== Data shown ==
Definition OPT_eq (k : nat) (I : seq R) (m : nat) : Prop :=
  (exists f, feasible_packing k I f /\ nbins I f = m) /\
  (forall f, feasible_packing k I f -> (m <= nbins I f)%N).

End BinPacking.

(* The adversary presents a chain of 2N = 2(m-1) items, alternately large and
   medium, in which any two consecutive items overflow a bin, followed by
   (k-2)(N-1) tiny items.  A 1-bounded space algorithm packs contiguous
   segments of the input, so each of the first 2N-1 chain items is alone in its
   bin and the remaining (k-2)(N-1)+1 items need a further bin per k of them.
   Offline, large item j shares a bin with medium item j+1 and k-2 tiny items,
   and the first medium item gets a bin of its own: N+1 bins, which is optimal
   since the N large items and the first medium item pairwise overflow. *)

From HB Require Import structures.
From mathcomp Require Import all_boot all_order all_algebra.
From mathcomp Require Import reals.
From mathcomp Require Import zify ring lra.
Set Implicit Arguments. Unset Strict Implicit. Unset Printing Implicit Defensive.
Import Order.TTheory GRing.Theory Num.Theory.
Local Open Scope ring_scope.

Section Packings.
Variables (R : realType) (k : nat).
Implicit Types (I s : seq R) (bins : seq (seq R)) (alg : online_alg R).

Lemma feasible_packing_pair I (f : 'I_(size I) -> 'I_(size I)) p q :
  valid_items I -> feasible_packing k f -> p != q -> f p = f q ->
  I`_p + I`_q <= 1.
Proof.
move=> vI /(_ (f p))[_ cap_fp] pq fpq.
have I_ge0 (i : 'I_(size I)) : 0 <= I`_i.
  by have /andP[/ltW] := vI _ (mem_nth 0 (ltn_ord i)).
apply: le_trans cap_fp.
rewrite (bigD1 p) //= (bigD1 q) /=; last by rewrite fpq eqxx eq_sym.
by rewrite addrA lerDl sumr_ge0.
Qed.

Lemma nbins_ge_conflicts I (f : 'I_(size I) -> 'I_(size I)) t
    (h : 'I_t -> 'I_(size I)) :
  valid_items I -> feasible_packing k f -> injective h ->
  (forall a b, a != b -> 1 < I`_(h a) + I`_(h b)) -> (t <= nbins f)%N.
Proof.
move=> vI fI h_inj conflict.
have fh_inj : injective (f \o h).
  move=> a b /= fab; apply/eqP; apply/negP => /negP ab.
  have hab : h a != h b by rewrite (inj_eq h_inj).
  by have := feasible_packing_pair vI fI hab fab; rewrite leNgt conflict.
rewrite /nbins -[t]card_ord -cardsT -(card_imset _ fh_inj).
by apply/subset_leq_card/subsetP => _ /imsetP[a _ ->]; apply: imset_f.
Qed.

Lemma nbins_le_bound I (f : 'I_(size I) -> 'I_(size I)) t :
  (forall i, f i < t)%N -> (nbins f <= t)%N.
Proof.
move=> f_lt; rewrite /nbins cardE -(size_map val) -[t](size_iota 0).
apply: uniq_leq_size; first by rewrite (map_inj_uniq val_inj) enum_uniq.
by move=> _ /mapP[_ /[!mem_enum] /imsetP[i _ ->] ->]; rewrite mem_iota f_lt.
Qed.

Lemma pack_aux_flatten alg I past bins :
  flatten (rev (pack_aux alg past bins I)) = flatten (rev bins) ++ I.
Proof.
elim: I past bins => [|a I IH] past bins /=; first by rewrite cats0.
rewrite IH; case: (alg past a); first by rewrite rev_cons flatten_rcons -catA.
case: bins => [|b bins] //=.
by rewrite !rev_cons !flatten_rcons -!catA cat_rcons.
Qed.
===
What is expected:
For this exercise, please output exactly the lines above starting at the line with "have fh_inj : injective (f \o h)." and ending at the line with "elim: I past", ends included.

Solved exercise:
have fh_inj : injective (f \o h).
  move=> a b /= fab; apply/eqP; apply/negP => /negP ab.
  have hab : h a != h b by rewrite (inj_eq h_inj).
  by have := feasible_packing_pair vI fI hab fab; rewrite leNgt conflict.
rewrite /nbins -[t]card_ord -cardsT -(card_imset _ fh_inj).
by apply/subset_leq_card/subsetP => _ /imsetP[a _ ->]; apply: imset_f.
Qed.

Lemma nbins_le_bound I (f : 'I_(size I) -> 'I_(size I)) t :
  (forall i, f i < t)%N -> (nbins f <= t)%N.
Proof.
move=> f_lt; rewrite /nbins cardE -(size_map val) -[t](size_iota 0).
apply: uniq_leq_size; first by rewrite (map_inj_uniq val_inj) enum_uniq.
by move=> _ /mapP[_ /[!mem_enum] /imsetP[i _ ->] ->]; rewrite mem_iota f_lt.
Qed.

Lemma pack_aux_flatten alg I past bins :
  flatten (rev (pack_aux alg past bins I)) = flatten (rev bins) ++ I.
Proof.
elim: I past bins => [|a I IH] past bins /=; first by rewrite cats0.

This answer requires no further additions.